Stored data
(* Let $P\in\mathbb{R}^{m\times m}$ be symmetric, stochastic and positive semidefinite, let $\mathcal{X}\subseteq\mathbb{R}^n$ be a closed convex set, let $p\ge1$ and $\sigma=\min\{1,n^{\frac2p-1}\}$. Then for all $\bm{u}=[u_1^\top,\dots,u_m^\top]^\top$ and $\bm{v}=[v_1^\top,\dots,v_m^\top]^\top$ in $\mathcal{X}^m$, $$\big\|((I_m-P)\otimes I_n)\bm{u}\big\|_2^2\le\frac1\sigma\sum_{i,j=1}^mP_{ij}\|v_i-u_j\|_p^2.$$
   Context: $\otimes$ denotes the Kronecker product, $I_k$ the $k\times k$ identity, $\|\cdot\|_p$ the $\ell_p$-norm. Stochastic means nonnegative entries with row sums 1. *)

From HB Require Import structures.
From mathcomp Require Import all_boot all_order all_algebra.
From mathcomp Require Import all_classical all_reals all_analysis.
From mathcomp Require Export mxtens.
Set Implicit Arguments. Unset Strict Implicit. Unset Printing Implicit Defensive.
Import Order.TTheory GRing.Theory Num.Theory.
Import numFieldNormedType.Exports.
Local Open Scope ring_scope.
Local Open Scope classical_set_scope.

Definition lpnorm {R : realType} {n : nat} (p : R) (x : 'cV[R]_n) : R :=
  (\sum_(k < n) `|x k 0| `^ p) `^ p^-1.

Definition stochastic {R : realType} {m : nat} (P : 'M[R]_m) : Prop :=
  (forall i j, 0 <= P i j) /\ (forall i, \sum_(j < m) P i j = 1).

Definition symmetric_mx {R : realType} {m : nat} (P : 'M[R]_m) : Prop :=
  P^T = P.

Definition psd_mx {R : realType} {m : nat} (P : 'M[R]_m) : Prop :=
  forall x : 'cV[R]_m, 0 <= (x^T *m P *m x) 0 0.

(* Stacked vector [u_1^T, ..., u_m^T]^T in R^(m n); block i is u_i
   (coordinate (i,k) is at index i*n + k, matching the Kronecker product
   convention of tensmx from mathcomp real_closed mxtens). *)
Definition stack {R : realType} {m n : nat} (u : 'I_m -> 'cV[R]_n)
  : 'cV[R]_(m * n) :=
  \col_k u (mxtens_unindex k).1 (mxtens_unindex k).2 0.

(* Work coordinate by coordinate: put y := ((u_j)_l)_j, z := ((v_i)_l)_i and
   Q := I - P.  Then |Q y|^2 = y'y - 2 y'Py + y'P^2y <= y'y - y'P^2y, because
   P - P^2 = QPQ + PQP is positive semidefinite (Q is a graph Laplacian, hence
   positive semidefinite too).  Next, y'y - y'P^2y = sum_i (sum_j P_ij y_j^2 -
   (Py)_i^2) is a sum of P-weighted variances, each at most the weighted mean
   square deviation sum_j P_ij (z_i - y_j)^2 from an arbitrary point z_i.
   Summing over l gives sum_ij P_ij |v_i - u_j|_2^2, and finally
   |x|_2^2 <= |x|_p^2 / sigma: for p <= 2 by superadditivity of t |-> t^(2/p),
   for p > 2 by the power mean inequality, obtained by summing the tangent lines
   of t |-> t^(p/2) at the mean. *)

From HB Require Import structures.
From mathcomp Require Import all_boot all_order all_algebra.
From mathcomp Require Import all_classical all_reals all_analysis.
From mathcomp Require Import mxtens.
From mathcomp Require Import ring lra.
Set Implicit Arguments. Unset Strict Implicit. Unset Printing Implicit Defensive.
Import Order.TTheory GRing.Theory Num.Theory.
Import numFieldNormedType.Exports.
Local Open Scope ring_scope.
Local Open Scope classical_set_scope.

Section PowerSums.
Variable R : realType.

Lemma sum_powR_le_powR_sum (I : finType) (a : I -> R) (s : R) :
  (forall k, 0 <= a k) -> 1 <= s ->
  \sum_k a k `^ s <= (\sum_k a k) `^ s.
Proof.
move=> a_ge0 s_ge1; set S := \sum_k a k.
have S_ge0 : 0 <= S by exact: sumr_ge0.
have a_leS k : a k <= S.
  by rewrite /S (bigD1 k) //= lerDl sumr_ge0.
have s_gt0 : 0 < s by lra.
rewrite -(mulr_powRB1 S_ge0 s_gt0) mulr_suml; apply: ler_sum => k _.
rewrite -(mulr_powRB1 (a_ge0 k) s_gt0) ler_wpM2l //.
by apply: ge0_ler_powR; rewrite ?nnegrE //; lra.
Qed.

Lemma powR_tangent_le (r mu t : R) : 1 < r -> 0 < mu -> 0 <= t ->
  r * mu `^ (r - 1) * t <= t `^ r + (r - 1) * mu `^ r.
Proof.
move=> r_gt1 mu_gt0 t_ge0.
have r_neq0 : r != 0 by lra.
have r1_neq0 : r - 1 != 0 by lra.
have r_gt0 : 0 < r by lra.
set q := r / (r - 1).
have q_gt0 : 0 < q by rewrite divr_gt0 //; lra.
have conj_rq : r^-1 + q^-1 = 1.
  by rewrite /q invf_div; field; rewrite ?r_neq0 ?r1_neq0.
have := conjugate_powR t_ge0 (powR_ge0 mu (r - 1)) r_gt0 q_gt0 conj_rq.
rewrite -powRrM (_ : (r - 1) * q = r); last by rewrite /q; field; rewrite ?r_neq0 ?r1_neq0.
have -> : t `^ r + (r - 1) * mu `^ r = r * (t `^ r / r + mu `^ r / q).
  by rewrite /q; field; rewrite ?r_neq0 ?r1_neq0.
by rewrite -mulrA [_ * t]mulrC ler_pM2l.
Qed.

Lemma powR_mean_le n (b : 'I_n.+1 -> R) (r : R) :
  (forall k, 0 <= b k) -> 1 < r ->
  ((\sum_k b k) / n.+1%:R) `^ r <= (\sum_k b k `^ r) / n.+1%:R.
Proof.
move=> b_ge0 r_gt1; set N := n.+1%:R; set mu := (\sum_k b k) / N.
have N_gt0 : 0 < N by [].
have r_gt0 : 0 < r by lra.
have sumb_ge0 : 0 <= \sum_k b k by exact: sumr_ge0.
have sumbr_ge0 : 0 <= \sum_k b k `^ r by apply: sumr_ge0 => k _; exact: powR_ge0.
have [mu0|mu_neq0] := eqVneq mu 0.
  by rewrite mu0 powR0 ?gt_eqF // divr_ge0 // ltW.
have mu_gt0 : 0 < mu by rewrite lt_def mu_neq0 divr_ge0 // ltW.
have sumbE : \sum_k b k = N * mu by rewrite /mu mulrC divfK ?gt_eqF.
have tangent : \sum_k r * mu `^ (r - 1) * b k
               <= \sum_k (b k `^ r + (r - 1) * mu `^ r).
  by apply: ler_sum => k _; exact: powR_tangent_le.
rewrite -mulr_sumr sumbE big_split /= sumr_const card_ord -mulr_natl -/N in tangent.
have powE : mu `^ (r - 1) * (N * mu) = N * mu `^ r.
  by rewrite mulrCA [_ * mu]mulrC mulr_powRB1 // ltW.
rewrite -mulrA powE in tangent.
rewrite ler_pdivlMr //; lra.
Qed.

Lemma sqr_powR_norm (a : R) : a ^+ 2 = `|a| `^ 2.
Proof. by rewrite -[2]/(2%:R) powR_mulrn // real_normK // num_real. Qed.

End PowerSums.

Section LpNorm.
Variable R : realType.
Implicit Types (n : nat) (p : R).

Lemma lpnorm_sqr n p (x : 'cV[R]_n) : 0 < p ->
  lpnorm p x ^+ 2 = (\sum_k `|x k 0| `^ p) `^ (2 / p).
Proof.
by move=> p_gt0; rewrite /lpnorm -powR_mulrn ?powR_ge0 // -powRrM mulrC.
Qed.

Lemma lpnorm2_sqr n (x : 'cV[R]_n) : lpnorm 2 x ^+ 2 = \sum_k x k 0 ^+ 2.
Proof.
rewrite lpnorm_sqr // divff // powRr1; last by apply: sumr_ge0 => k _; exact: powR_ge0.
by apply: eq_bigr => k _; rewrite sqr_powR_norm.
Qed.

Lemma sqr_as_powR (a : R) p : 0 < p -> a ^+ 2 = (`|a| `^ p) `^ (2 / p).
Proof. by move=> p_gt0; rewrite -powRrM mulrC divfK ?gt_eqF // sqr_powR_norm. Qed.

Lemma sum_sqr_le_lpnorm_sqr n p (x : 'cV[R]_n) : 1 <= p <= 2 ->
  \sum_k x k 0 ^+ 2 <= lpnorm p x ^+ 2.
Proof.
move=> /andP[p_ge1 p_le2]; have p_gt0 : 0 < p by lra.
rewrite lpnorm_sqr // (eq_bigr _ (fun k _ => sqr_as_powR (x k 0) p_gt0)).
apply: sum_powR_le_powR_sum => [k|]; first exact: powR_ge0.
by rewrite ler_pdivlMr // mul1r.
Qed.

Lemma sum_sqr_le_lpnorm_sqr_gt2 n p (x : 'cV[R]_n) : 2 < p ->
  \sum_k x k 0 ^+ 2 <= n%:R `^ (1 - 2 / p) * lpnorm p x ^+ 2.
Proof.
move=> p_gt2; have p_gt0 : 0 < p by lra.
case: n x => [|n'] x; first by rewrite big_ord0 mulr_ge0 ?powR_ge0 ?sqr_ge0.
set N := n'.+1%:R; set S := \sum_k `|x k 0| `^ p.
have N_gt0 : 0 < N by [].
have S_ge0 : 0 <= S by apply: sumr_ge0 => k _; exact: powR_ge0.
have r_gt1 : 1 < p / 2 by rewrite ltr_pdivlMr // mul1r.
have mean := powR_mean_le (fun k => sqr_ge0 (x k 0)) r_gt1.
have sqrE k : (x k 0 ^+ 2) `^ (p / 2) = `|x k 0| `^ p.
  by rewrite sqr_powR_norm -powRrM mulrC divfK.
rewrite (eq_bigr _ (fun k _ => sqrE k)) -/S -/N in mean.
have T_ge0 : 0 <= \sum_k x k 0 ^+ 2 by apply: sumr_ge0 => k _; exact: sqr_ge0.
have pE : p / 2 * (2 / p) = 1 by field; rewrite gt_eqF.
have {}mean : (\sum_k x k 0 ^+ 2) / N <= (S / N) `^ (2 / p).
  have := ge0_ler_powR (r := 2 / p) _ _ _ mean.
  rewrite -powRrM pE powRr1; last by rewrite divr_ge0 // ltW.
  by apply; rewrite ?nnegrE ?powR_ge0 ?divr_ge0 // ltW.
rewrite ler_pdivrMr // in mean.
have SNE : (S / N) `^ (2 / p) = S `^ (2 / p) / N `^ (2 / p).
  rewrite powRM ?invr_ge0 ?(ltW N_gt0) // -[N^-1]powR_inv1 ?(ltW N_gt0) //.
  by rewrite -powRrM mulN1r powRN.
have NE : N `^ (1 - 2 / p) = N / N `^ (2 / p).
  by rewrite powRB ?(gt_eqF N_gt0) ?implybT // powRr1 // ltW.
suff -> : N `^ (1 - 2 / p) * lpnorm p x ^+ 2 = (S / N) `^ (2 / p) * N by [].
by rewrite lpnorm_sqr // -/S NE SNE; ring.
Qed.

Lemma sum_sqr_le_lpnorm_sqr_min n p (x : 'cV[R]_n) : 1 <= p ->
  \sum_k x k 0 ^+ 2 <= (Num.min 1 (n%:R `^ (2 / p - 1)))^-1 * lpnorm p x ^+ 2.
Proof.
move=> p_ge1; have p_gt0 : 0 < p by lra.
case: n x => [|n] x.
  by rewrite big_ord0 mulr_ge0 ?sqr_ge0 // invr_ge0 le_min ler01 powR_ge0.
have N_ge1 : 1 <= n.+1%:R :> R by rewrite ler1n.
have [p_le2|p_gt2] := lerP p 2.
  rewrite min_l ?invr1 ?mul1r; first by apply: sum_sqr_le_lpnorm_sqr; rewrite p_ge1.
  rewrite -[leLHS](powRr0 n.+1%:R) ler_powR // subr_ge0.
  by rewrite ler_pdivlMr // mul1r.
rewrite min_r -?powRN ?opprB; first exact: sum_sqr_le_lpnorm_sqr_gt2.
rewrite -[leRHS](powRr0 n.+1%:R) ler_powR // subr_le0.
by rewrite ler_pdivrMr // mul1r ltW.
Qed.

End LpNorm.

Lemma weighted_sqr_dev_ge (R : realFieldType) (I : finType) (w y : I -> R) (z : R) :
  \sum_j w j = 1 ->
  \sum_j w j * y j ^+ 2 - (\sum_j w j * y j) ^+ 2 <= \sum_j w j * (z - y j) ^+ 2.
Proof.
move=> w_sum1; set mu := \sum_j w j * y j.
have -> : \sum_j w j * (z - y j) ^+ 2
          = z ^+ 2 * \sum_j w j - 2 * z * mu + \sum_j w j * y j ^+ 2.
  by rewrite /mu !mulr_sumr -sumrB -big_split /=; apply: eq_bigr => j _; ring.
by rewrite w_sum1 mulr1; have := sqr_ge0 (z - mu); lra.
Qed.

Section QuadraticForm.
Variables (R : realType) (m : nat).
Implicit Types (M N A P : 'M[R]_m) (x y z : 'cV[R]_m).

Definition qform M x : R := (x^T *m M *m x) 0 0.

Lemma qformE M x : qform M x = \sum_i \sum_j x i 0 * M i j * x j 0.
Proof.
rewrite /qform mxE exchange_big /=; apply: eq_bigr => j _.
by rewrite mxE mulr_suml; apply: eq_bigr => i _; rewrite mxE.
Qed.

Lemma qformD M N x : qform (M + N) x = qform M x + qform N x.
Proof. by rewrite /qform mulmxDr mulmxDl mxE. Qed.

Lemma qformN M x : qform (- M) x = - qform M x.
Proof. by rewrite /qform mulmxN mulNmx mxE. Qed.

Lemma qformB M N x : qform (M - N) x = qform M x - qform N x.
Proof. by rewrite qformD qformN. Qed.

Lemma qform1 x : qform 1%:M x = \sum_i x i 0 ^+ 2.
Proof. by rewrite /qform mulmx1 mxE; apply: eq_bigr => i _; rewrite mxE expr2. Qed.

Lemma qform_mulmx M A x : qform M (A *m x) = qform (A^T *m M *m A) x.
Proof. by rewrite /qform trmx_mul !mulmxA. Qed.

Lemma stochastic_colsum P : symmetric_mx P -> stochastic P ->
  forall j, \sum_i P i j = 1.
Proof.
move=> P_sym [_ P_rowsum] j; rewrite -(P_rowsum j).
by apply: eq_bigr => i _; rewrite -{1}P_sym mxE.
Qed.

Lemma laplacian_qformE P x : symmetric_mx P -> stochastic P ->
  qform (1%:M - P) x = 2^-1 * \sum_i \sum_j P i j * (x i 0 - x j 0) ^+ 2.
Proof.
move=> P_sym P_stoch; have [_ P_rowsum] := P_stoch.
have P_colsum := stochastic_colsum P_sym P_stoch.
have rowE : \sum_i \sum_j P i j * x i 0 ^+ 2 = qform 1%:M x.
  by rewrite qform1; apply: eq_bigr => i _; rewrite -mulr_suml P_rowsum mul1r.
have colE : \sum_i \sum_j P i j * x j 0 ^+ 2 = qform 1%:M x.
  by rewrite qform1 exchange_big; apply: eq_bigr => j _; rewrite -mulr_suml P_colsum mul1r.
have -> : \sum_i \sum_j P i j * (x i 0 - x j 0) ^+ 2 =
    \sum_i \sum_j P i j * x i 0 ^+ 2 + \sum_i \sum_j P i j * x j 0 ^+ 2
    - 2 * qform P x.
  rewrite qformE mulr_sumr -!big_split -sumrB; apply: eq_bigr => i _ /=.
  rewrite mulr_sumr -!big_split -sumrB; apply: eq_bigr => j _ /=; ring.
by rewrite rowE colE qformB; field.
Qed.

Lemma laplacian_psd P : symmetric_mx P -> stochastic P -> psd_mx (1%:M - P).
Proof.
move=> P_sym P_stoch x; rewrite -/(qform _ x) laplacian_qformE //.
rewrite mulr_ge0 ?invr_ge0 // !sumr_ge0 // => i _; apply: sumr_ge0 => j _.
by rewrite mulr_ge0 ?sqr_ge0 //; case: P_stoch.
Qed.

End QuadraticForm.

Section SymmetricStochastic.
Variables (R : realType) (m : nat) (P : 'M[R]_m).
Hypotheses (P_sym : symmetric_mx P) (P_stoch : stochastic P) (P_psd : psd_mx P).
Implicit Types (y z : 'cV[R]_m).

Let Q := 1%:M - P.

Let trQ : Q^T = Q.
Proof. by rewrite /Q linearB /= trmx1 P_sym. Qed.

Lemma qform_sqr_le y : qform (P *m P) y <= qform P y.
Proof.
have PQE : P - P *m P = Q^T *m P *m Q + P^T *m Q *m P.
  rewrite trQ P_sym /Q !(mulmxBl, mulmxBr, mulmx1, mul1mx).
  by rewrite subrK.
rewrite -subr_ge0 -qformB PQE qformD -!qform_mulmx.
by rewrite addr_ge0 //; [exact: P_psd | exact: laplacian_psd].
Qed.

Lemma qform_id_sub_sqr_le y z :
  qform 1%:M y - qform (P *m P) y <= \sum_i \sum_j P i j * (z i 0 - y j 0) ^+ 2.
Proof.
have [_ P_rowsum] := P_stoch.
have idE : qform 1%:M y = \sum_i \sum_j P i j * y j 0 ^+ 2.
  rewrite qform1 exchange_big; apply: eq_bigr => j _.
  by rewrite -mulr_suml stochastic_colsum // mul1r.
have sqrE : qform (P *m P) y = \sum_i (\sum_j P i j * y j 0) ^+ 2.
  have -> : P *m P = P^T *m 1%:M *m P by rewrite mulmx1 P_sym.
  by rewrite -qform_mulmx qform1; apply: eq_bigr => i _; rewrite mxE.
rewrite idE sqrE -sumrB; apply: ler_sum => i _.
exact: weighted_sqr_dev_ge.
Qed.

Lemma sum_sqr_laplacian_le y z :
  \sum_i (Q *m y) i 0 ^+ 2 <= \sum_i \sum_j P i j * (z i 0 - y j 0) ^+ 2.
Proof.
have normE : \sum_i (Q *m y) i 0 ^+ 2
             = qform 1%:M y - 2 * qform P y + qform (P *m P) y.
  rewrite -qform1 qform_mulmx trQ mulmx1 {1}/Q mulmxBl mul1mx mulmxBr mulmx1.
  by rewrite /Q !qformB; lra.
rewrite normE; have := qform_sqr_le y; have := qform_id_sub_sqr_le y z.
lra.
Qed.

End SymmetricStochastic.

Lemma sum_mxtens_index (V : nmodType) m n (F : 'I_(m * n) -> V) :
  \sum_k F k = \sum_i \sum_l F (mxtens_index (i, l)).
Proof.
rewrite pair_big (reindex (@mxtens_index m n)) /=; last first.
  by exists (@mxtens_unindex m n) => k _; rewrite (mxtens_indexK, mxtens_unindexK).
by apply: eq_bigr => -[i l].
Qed.

Lemma tensmx1_mul_stack (R : realType) m n (A : 'M[R]_m) (u : 'I_m -> 'cV[R]_n) i l :
  (tensmx A (1%:M : 'M[R]_n) *m stack u) (mxtens_index (i, l)) 0
  = (A *m \col_j u j l 0) i 0.
Proof.
rewrite !mxE sum_mxtens_index; apply: eq_bigr => j _.
rewrite (bigD1 l) //= big1 => [|l' l'_neq]; rewrite tensmxE !mxE mxtens_indexK.
  by rewrite eqxx mulr1 addr0.
by rewrite eq_sym (negbTE l'_neq) mulr0 mul0r.
Qed.

Theorem lemma3 (R : realType) (m n : nat) (P : 'M[R]_m) (X : set 'cV[R]_n)
  (p : R) :
  symmetric_mx P -> stochastic P -> psd_mx P ->
  closed X -> convex_set X -> 1 <= p ->
  let sigma := Num.min 1 (n%:R `^ (2 / p - 1)) in
  forall u v : 'I_m -> 'cV[R]_n,
    (forall i, X (u i)) -> (forall i, X (v i)) ->
    lpnorm 2 (tensmx (1%:M - P) (1%:M : 'M[R]_n) *m stack u) ^+ 2
    <= sigma^-1 * \sum_(i < m) \sum_(j < m) P i j * lpnorm p (v i - u j) ^+ 2.
Proof.
move=> P_sym P_stoch P_psd _ _ p_ge1 sigma u v _ _.
rewrite lpnorm2_sqr sum_mxtens_index exchange_big /=.
under eq_bigr do under eq_bigr do rewrite tensmx1_mul_stack.
apply: (@le_trans _ _ (\sum_l \sum_i \sum_j P i j * (v i l 0 - u j l 0) ^+ 2)).
  apply: ler_sum => l _.
  have := sum_sqr_laplacian_le P_sym P_stoch P_psd (\col_j u j l 0) (\col_i v i l 0).
  by under [in rhs in _ <= rhs -> _]eq_bigr do under eq_bigr do rewrite !mxE.
rewrite exchange_big mulr_sumr; apply: ler_sum => i _.
rewrite exchange_big mulr_sumr; apply: ler_sum => j _ /=.
rewrite -mulr_sumr mulrCA ler_wpM2l //; first by case: P_stoch.
have := sum_sqr_le_lpnorm_sqr_min (v i - u j) p_ge1.
by under eq_bigr do rewrite !mxE.
Qed.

— Work order —
Write out exactly, and only, each line from the one with "by under [in" down to the last line of the records above.

— Exercise response —
  by under [in rhs in _ <= rhs -> _]eq_bigr do under eq_bigr do rewrite !mxE.
rewrite exchange_big mulr_sumr; apply: ler_sum => i _.
rewrite exchange_big mulr_sumr; apply: ler_sum => j _ /=.
rewrite -mulr_sumr mulrCA ler_wpM2l //; first by case: P_stoch.
have := sum_sqr_le_lpnorm_sqr_min (v i - u j) p_ge1.
by under eq_bigr do rewrite !mxE.
Qed.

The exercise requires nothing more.